%%

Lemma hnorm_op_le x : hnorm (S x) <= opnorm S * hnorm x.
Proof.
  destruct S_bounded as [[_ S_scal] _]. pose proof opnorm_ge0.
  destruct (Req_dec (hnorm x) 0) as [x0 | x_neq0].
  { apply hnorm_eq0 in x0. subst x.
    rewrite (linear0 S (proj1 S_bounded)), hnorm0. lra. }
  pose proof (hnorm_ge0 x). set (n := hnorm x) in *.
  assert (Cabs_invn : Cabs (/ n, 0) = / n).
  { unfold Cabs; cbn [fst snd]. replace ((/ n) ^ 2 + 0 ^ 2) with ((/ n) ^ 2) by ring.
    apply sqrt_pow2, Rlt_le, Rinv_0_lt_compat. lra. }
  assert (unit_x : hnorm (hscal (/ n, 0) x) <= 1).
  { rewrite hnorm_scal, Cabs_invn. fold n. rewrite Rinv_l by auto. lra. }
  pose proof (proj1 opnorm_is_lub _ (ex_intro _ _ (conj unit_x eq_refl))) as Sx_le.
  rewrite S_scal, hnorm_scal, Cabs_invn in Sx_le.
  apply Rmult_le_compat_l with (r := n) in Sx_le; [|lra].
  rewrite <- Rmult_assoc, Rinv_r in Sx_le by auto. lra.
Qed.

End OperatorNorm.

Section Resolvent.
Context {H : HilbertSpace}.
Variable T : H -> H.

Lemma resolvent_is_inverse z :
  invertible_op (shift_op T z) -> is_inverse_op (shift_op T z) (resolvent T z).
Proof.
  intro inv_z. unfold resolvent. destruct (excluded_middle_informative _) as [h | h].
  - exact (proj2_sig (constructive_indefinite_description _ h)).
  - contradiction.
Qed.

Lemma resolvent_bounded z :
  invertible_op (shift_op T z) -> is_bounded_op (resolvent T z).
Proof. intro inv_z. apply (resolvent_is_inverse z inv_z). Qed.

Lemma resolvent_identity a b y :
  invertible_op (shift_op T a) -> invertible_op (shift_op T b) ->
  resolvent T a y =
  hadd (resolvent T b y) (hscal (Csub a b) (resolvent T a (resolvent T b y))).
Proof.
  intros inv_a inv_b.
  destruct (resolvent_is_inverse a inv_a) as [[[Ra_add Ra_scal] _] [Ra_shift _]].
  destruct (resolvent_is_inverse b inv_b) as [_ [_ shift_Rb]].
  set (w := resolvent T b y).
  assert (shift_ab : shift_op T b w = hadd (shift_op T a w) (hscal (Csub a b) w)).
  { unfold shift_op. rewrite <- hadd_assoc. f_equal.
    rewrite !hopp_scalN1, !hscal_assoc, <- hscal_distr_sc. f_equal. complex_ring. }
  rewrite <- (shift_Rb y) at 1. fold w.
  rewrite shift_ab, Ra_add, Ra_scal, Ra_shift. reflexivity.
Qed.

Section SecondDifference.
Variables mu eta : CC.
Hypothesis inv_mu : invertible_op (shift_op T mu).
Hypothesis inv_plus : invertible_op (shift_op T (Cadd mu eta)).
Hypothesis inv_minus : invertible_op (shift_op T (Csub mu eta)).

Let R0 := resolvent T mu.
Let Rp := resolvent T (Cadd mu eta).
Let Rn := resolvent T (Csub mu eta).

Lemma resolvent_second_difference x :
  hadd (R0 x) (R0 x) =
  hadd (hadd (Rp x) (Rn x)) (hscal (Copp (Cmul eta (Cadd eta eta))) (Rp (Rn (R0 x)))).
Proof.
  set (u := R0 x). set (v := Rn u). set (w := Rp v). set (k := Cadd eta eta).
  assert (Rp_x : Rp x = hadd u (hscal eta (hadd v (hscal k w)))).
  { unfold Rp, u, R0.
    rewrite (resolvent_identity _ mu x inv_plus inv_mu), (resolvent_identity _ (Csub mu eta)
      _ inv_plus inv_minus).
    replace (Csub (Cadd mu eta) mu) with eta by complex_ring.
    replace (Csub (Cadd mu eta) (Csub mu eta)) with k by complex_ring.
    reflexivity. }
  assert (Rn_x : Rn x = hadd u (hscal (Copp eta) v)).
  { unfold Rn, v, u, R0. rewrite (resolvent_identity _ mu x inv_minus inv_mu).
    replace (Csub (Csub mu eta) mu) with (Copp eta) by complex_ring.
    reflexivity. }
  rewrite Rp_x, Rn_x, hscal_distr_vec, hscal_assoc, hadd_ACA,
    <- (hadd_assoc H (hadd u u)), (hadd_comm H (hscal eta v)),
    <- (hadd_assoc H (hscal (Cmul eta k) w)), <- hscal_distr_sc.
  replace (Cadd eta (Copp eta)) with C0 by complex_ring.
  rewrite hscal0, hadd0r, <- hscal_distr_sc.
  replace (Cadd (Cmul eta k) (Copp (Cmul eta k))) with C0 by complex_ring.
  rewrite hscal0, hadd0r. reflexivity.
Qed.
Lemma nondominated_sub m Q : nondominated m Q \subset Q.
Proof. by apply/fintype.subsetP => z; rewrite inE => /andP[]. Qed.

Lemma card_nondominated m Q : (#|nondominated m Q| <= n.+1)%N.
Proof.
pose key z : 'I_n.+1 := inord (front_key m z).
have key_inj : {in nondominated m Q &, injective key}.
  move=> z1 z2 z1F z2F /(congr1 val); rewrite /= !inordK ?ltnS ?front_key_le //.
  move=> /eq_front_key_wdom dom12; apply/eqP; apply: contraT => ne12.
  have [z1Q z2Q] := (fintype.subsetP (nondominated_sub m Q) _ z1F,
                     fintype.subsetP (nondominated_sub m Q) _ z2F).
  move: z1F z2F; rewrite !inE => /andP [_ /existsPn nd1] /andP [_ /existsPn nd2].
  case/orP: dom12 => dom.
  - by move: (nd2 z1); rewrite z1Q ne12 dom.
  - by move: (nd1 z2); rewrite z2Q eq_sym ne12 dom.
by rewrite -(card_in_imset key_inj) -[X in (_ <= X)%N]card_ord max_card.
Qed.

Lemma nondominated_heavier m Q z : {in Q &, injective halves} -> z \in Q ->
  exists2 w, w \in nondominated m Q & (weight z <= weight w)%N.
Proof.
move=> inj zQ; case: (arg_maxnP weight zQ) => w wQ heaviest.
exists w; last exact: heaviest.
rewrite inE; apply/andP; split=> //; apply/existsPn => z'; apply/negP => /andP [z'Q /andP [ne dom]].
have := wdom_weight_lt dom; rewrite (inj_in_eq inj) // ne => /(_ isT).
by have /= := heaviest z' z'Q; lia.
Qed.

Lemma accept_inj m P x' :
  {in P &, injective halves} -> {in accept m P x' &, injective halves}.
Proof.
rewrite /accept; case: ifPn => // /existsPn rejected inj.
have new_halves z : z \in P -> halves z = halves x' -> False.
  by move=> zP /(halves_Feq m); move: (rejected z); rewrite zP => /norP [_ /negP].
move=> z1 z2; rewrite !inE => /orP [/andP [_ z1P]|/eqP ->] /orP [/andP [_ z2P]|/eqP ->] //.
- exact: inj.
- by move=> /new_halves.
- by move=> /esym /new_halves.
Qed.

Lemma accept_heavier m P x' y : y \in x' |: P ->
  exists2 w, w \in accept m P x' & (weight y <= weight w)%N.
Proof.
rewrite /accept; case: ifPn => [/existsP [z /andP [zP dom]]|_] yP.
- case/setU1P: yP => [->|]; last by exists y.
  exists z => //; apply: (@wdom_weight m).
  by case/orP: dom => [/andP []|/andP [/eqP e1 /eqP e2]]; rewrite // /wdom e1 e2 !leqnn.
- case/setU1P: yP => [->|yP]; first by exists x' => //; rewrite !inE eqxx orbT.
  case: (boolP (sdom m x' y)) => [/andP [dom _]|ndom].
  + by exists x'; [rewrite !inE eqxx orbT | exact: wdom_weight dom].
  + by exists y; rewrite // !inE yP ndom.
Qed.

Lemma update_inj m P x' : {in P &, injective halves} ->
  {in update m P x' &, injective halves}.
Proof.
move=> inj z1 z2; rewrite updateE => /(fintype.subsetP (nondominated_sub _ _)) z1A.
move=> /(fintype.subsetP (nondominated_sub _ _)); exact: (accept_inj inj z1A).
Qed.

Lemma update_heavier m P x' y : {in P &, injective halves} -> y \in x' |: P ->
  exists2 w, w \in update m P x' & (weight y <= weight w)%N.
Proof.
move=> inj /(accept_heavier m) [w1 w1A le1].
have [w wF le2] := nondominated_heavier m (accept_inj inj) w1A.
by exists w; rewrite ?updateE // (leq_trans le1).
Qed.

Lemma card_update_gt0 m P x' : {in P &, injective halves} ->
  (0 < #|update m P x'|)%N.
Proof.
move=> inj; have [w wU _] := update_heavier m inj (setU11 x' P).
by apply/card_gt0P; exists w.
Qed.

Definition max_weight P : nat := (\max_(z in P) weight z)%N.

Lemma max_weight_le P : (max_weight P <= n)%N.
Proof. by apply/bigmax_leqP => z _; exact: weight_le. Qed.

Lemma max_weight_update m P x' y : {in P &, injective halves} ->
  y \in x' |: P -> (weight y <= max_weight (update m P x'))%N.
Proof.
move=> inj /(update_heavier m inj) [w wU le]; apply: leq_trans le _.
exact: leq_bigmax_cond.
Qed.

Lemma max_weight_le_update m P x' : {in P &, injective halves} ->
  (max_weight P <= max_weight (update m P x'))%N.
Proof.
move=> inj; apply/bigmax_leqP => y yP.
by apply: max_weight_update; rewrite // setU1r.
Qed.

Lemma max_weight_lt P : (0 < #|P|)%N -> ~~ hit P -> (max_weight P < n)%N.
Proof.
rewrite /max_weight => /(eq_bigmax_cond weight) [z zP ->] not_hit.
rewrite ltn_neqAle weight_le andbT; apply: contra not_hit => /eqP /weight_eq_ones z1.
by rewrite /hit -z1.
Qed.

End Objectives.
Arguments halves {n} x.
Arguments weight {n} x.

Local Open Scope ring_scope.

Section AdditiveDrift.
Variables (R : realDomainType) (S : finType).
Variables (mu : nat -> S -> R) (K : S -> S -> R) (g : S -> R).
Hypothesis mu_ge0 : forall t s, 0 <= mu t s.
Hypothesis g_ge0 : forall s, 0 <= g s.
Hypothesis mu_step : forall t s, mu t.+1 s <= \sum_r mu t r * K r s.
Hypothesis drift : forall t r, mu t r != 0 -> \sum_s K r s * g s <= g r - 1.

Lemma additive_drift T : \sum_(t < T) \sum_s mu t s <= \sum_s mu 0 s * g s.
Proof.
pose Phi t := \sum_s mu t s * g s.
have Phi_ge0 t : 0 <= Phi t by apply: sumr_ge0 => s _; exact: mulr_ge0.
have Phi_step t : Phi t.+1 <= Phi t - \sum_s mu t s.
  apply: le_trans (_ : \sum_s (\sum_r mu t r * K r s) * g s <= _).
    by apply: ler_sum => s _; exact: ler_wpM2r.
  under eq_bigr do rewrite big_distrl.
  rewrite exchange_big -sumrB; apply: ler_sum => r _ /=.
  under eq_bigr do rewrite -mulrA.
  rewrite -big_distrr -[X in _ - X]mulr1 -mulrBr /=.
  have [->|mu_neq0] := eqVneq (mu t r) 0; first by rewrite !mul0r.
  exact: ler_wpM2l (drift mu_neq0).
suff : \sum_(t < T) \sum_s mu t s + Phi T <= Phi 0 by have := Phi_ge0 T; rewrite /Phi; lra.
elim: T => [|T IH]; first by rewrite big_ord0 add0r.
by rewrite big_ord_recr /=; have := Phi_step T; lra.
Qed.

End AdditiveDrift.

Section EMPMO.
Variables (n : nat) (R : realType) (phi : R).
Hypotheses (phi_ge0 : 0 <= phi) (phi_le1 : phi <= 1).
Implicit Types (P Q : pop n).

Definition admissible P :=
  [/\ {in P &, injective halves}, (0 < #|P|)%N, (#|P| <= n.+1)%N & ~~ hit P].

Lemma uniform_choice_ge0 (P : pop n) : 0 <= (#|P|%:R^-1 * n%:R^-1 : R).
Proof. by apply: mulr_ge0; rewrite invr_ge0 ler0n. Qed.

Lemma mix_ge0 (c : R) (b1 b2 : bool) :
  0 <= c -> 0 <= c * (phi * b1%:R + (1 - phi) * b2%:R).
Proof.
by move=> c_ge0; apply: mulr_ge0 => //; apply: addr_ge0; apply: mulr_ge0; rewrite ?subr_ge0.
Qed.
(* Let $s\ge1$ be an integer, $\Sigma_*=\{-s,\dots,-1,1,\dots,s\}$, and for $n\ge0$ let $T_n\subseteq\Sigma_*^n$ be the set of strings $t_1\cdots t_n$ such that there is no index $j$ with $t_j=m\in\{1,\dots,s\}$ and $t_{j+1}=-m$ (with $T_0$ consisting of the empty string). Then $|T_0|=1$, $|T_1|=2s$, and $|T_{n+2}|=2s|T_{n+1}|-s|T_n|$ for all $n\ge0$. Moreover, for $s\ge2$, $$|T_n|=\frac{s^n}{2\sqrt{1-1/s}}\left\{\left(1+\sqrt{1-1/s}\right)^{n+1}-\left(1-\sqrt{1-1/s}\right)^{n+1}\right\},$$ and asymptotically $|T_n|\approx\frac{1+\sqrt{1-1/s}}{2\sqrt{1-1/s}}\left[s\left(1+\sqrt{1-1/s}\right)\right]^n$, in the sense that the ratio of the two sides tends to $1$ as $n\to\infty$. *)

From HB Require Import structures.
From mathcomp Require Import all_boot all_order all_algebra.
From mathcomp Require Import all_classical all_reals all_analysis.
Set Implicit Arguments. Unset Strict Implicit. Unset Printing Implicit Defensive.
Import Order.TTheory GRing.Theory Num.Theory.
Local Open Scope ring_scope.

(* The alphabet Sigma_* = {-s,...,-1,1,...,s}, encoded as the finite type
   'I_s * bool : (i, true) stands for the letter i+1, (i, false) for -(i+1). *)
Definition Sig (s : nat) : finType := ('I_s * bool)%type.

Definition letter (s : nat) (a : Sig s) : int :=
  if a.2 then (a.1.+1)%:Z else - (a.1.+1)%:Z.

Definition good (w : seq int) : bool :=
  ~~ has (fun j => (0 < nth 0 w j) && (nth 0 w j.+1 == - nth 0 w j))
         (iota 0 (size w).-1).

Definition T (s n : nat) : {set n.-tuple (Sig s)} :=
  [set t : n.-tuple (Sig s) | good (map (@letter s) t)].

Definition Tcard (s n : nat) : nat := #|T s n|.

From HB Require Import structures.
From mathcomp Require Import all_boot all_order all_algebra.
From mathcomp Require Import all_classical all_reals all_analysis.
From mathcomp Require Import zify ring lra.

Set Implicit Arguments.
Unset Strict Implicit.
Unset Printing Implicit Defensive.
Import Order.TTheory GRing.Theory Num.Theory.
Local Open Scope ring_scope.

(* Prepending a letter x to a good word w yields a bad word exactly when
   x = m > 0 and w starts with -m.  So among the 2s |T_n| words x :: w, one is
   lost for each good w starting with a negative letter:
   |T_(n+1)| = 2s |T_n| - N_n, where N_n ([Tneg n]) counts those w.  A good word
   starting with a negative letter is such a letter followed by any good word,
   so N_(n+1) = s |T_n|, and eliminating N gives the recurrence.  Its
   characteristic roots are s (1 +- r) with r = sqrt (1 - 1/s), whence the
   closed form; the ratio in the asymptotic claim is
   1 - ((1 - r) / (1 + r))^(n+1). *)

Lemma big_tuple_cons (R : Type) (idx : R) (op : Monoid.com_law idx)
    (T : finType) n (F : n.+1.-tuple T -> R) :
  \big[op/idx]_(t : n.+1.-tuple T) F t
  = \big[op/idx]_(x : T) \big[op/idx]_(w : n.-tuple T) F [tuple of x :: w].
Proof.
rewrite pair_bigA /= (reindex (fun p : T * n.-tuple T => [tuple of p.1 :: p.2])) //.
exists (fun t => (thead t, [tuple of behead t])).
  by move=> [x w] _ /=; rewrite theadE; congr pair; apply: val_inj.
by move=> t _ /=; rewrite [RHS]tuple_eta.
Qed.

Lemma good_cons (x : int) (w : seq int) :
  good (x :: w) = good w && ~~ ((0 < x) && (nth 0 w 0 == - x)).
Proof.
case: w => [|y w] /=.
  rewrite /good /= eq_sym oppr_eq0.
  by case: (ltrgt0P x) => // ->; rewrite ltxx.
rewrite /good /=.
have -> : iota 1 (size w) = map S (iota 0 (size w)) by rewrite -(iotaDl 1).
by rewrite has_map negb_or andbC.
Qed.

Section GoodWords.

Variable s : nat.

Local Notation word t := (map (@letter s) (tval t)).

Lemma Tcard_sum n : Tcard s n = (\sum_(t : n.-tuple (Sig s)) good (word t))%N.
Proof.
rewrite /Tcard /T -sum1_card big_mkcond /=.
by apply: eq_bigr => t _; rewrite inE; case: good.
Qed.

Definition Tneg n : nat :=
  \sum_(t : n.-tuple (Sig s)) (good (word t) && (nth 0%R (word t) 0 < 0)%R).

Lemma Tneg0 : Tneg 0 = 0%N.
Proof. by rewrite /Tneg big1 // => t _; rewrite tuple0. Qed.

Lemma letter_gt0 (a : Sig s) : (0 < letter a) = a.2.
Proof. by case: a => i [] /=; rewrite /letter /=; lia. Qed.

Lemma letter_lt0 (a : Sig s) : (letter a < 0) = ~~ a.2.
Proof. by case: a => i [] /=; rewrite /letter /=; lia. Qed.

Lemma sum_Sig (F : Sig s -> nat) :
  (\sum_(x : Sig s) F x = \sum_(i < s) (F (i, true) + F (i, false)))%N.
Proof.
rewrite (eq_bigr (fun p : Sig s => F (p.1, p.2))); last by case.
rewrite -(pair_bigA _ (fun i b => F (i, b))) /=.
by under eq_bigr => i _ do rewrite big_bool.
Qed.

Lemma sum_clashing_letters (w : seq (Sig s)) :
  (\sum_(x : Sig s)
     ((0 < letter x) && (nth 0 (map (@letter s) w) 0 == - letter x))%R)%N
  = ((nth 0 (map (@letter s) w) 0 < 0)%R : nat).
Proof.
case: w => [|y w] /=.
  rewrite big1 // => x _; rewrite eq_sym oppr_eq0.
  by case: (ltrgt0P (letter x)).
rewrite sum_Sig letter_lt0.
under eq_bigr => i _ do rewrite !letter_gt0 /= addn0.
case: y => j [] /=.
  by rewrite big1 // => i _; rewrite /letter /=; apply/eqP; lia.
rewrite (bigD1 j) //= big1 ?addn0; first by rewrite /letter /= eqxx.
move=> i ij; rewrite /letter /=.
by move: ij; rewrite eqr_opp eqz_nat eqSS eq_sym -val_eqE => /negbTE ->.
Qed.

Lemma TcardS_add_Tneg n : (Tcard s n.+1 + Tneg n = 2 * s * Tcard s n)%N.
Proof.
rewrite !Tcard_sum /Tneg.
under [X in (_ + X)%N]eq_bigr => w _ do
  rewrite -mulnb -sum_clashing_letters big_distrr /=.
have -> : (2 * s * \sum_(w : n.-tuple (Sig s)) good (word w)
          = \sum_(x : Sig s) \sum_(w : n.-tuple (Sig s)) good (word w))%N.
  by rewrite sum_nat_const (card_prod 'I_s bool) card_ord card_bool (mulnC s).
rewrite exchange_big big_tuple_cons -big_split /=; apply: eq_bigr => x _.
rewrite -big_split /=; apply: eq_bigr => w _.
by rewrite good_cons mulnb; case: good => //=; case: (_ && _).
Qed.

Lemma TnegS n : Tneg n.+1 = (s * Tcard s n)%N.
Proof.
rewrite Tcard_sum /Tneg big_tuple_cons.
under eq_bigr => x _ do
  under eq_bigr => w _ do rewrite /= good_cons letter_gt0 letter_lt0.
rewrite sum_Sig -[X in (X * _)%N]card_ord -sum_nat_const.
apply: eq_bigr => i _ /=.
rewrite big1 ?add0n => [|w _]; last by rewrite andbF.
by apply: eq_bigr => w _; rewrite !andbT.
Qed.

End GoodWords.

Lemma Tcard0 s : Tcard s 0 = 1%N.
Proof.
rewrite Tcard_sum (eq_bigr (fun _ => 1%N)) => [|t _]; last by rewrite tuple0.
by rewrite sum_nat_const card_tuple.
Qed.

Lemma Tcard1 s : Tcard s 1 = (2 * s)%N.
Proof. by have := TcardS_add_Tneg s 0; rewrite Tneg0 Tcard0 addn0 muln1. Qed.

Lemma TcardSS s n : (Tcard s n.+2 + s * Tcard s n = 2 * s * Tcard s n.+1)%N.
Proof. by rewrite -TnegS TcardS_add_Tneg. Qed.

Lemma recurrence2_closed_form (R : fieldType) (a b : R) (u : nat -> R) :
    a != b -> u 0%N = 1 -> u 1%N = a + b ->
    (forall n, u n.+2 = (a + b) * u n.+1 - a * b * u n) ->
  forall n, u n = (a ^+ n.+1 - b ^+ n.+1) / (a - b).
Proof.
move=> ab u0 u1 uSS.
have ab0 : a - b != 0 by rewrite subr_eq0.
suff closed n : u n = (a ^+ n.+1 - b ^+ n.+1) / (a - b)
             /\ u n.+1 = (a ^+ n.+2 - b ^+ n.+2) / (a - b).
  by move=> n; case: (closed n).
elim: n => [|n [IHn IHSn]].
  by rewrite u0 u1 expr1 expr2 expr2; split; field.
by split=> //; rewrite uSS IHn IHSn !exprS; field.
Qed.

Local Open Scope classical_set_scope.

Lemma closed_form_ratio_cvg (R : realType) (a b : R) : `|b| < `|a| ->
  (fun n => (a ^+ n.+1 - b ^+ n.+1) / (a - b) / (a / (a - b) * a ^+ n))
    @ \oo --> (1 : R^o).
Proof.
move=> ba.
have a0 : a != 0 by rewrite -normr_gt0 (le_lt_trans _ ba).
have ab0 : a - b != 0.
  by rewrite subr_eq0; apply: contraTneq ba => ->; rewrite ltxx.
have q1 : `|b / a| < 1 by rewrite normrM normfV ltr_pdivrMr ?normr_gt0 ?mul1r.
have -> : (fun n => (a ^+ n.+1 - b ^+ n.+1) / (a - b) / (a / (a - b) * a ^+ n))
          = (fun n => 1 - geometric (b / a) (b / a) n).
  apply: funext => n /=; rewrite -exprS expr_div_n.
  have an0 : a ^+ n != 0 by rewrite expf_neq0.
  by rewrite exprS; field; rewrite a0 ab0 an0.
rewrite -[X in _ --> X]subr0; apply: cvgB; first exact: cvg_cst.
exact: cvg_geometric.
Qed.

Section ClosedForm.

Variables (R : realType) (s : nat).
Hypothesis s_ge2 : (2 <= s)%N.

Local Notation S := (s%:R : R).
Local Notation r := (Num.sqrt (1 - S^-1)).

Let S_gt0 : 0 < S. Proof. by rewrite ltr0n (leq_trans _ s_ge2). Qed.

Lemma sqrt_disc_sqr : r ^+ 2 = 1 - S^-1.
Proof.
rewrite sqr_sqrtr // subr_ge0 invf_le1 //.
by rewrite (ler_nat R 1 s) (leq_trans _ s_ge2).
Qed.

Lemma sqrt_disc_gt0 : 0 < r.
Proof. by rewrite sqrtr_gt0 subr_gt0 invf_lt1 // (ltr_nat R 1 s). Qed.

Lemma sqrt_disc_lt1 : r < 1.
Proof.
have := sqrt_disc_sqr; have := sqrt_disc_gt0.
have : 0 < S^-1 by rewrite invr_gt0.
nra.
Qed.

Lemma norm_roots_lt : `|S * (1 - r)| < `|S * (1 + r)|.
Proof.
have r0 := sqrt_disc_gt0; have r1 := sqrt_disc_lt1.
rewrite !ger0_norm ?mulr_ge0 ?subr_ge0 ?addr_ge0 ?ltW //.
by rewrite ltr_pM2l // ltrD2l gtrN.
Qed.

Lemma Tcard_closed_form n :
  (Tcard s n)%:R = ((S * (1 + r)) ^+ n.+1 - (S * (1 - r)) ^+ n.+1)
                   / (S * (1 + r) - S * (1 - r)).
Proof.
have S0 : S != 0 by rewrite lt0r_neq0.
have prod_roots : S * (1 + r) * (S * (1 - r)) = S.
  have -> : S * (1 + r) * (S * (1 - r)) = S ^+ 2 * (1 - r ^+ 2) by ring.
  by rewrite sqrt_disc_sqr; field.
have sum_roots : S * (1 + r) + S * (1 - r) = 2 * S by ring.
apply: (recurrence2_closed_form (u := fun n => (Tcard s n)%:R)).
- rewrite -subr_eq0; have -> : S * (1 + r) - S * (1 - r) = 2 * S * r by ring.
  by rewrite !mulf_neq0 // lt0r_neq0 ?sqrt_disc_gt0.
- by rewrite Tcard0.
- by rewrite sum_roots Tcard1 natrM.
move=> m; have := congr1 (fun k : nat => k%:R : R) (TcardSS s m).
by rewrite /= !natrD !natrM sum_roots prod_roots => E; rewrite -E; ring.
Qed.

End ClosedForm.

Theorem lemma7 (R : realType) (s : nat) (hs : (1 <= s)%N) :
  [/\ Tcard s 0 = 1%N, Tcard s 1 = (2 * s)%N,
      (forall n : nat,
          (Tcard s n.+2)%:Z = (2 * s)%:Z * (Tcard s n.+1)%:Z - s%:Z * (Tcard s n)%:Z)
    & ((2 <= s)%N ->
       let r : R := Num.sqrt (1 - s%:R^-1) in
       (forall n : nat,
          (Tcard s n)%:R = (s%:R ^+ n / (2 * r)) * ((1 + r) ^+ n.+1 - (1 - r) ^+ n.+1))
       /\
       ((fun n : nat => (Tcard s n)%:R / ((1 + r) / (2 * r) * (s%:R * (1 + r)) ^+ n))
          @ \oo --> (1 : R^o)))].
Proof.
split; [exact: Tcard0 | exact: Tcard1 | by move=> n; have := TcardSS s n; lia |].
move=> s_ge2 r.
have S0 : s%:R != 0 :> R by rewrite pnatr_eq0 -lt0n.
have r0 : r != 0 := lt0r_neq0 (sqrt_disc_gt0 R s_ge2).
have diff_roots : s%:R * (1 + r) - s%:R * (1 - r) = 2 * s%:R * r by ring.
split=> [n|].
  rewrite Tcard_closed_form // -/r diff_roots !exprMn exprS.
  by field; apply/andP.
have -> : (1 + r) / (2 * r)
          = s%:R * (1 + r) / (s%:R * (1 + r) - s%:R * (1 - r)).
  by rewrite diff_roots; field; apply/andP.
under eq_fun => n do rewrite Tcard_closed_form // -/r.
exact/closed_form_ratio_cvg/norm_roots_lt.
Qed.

%%

* [WHAT YOU WILL DO]
Write out only the lines that run from the line containing "apply: eq_bigr => i _ /=." through the line containing "(forall n, u", both included, exactly as they appear above.

* [RESPONSE FOR THIS EXERCISE]
apply: eq_bigr => i _ /=.
rewrite big1 ?add0n => [|w _]; last by rewrite andbF.
by apply: eq_bigr => w _; rewrite !andbT.
Qed.

End GoodWords.

Lemma Tcard0 s : Tcard s 0 = 1%N.
Proof.
rewrite Tcard_sum (eq_bigr (fun _ => 1%N)) => [|t _]; last by rewrite tuple0.
by rewrite sum_nat_const card_tuple.
Qed.

Lemma Tcard1 s : Tcard s 1 = (2 * s)%N.
Proof. by have := TcardS_add_Tneg s 0; rewrite Tneg0 Tcard0 addn0 muln1. Qed.

Lemma TcardSS s n : (Tcard s n.+2 + s * Tcard s n = 2 * s * Tcard s n.+1)%N.
Proof. by rewrite -TnegS TcardS_add_Tneg. Qed.

Lemma recurrence2_closed_form (R : fieldType) (a b : R) (u : nat -> R) :
    a != b -> u 0%N = 1 -> u 1%N = a + b ->
    (forall n, u n.+2 = (a + b) * u n.+1 - a * b * u n) ->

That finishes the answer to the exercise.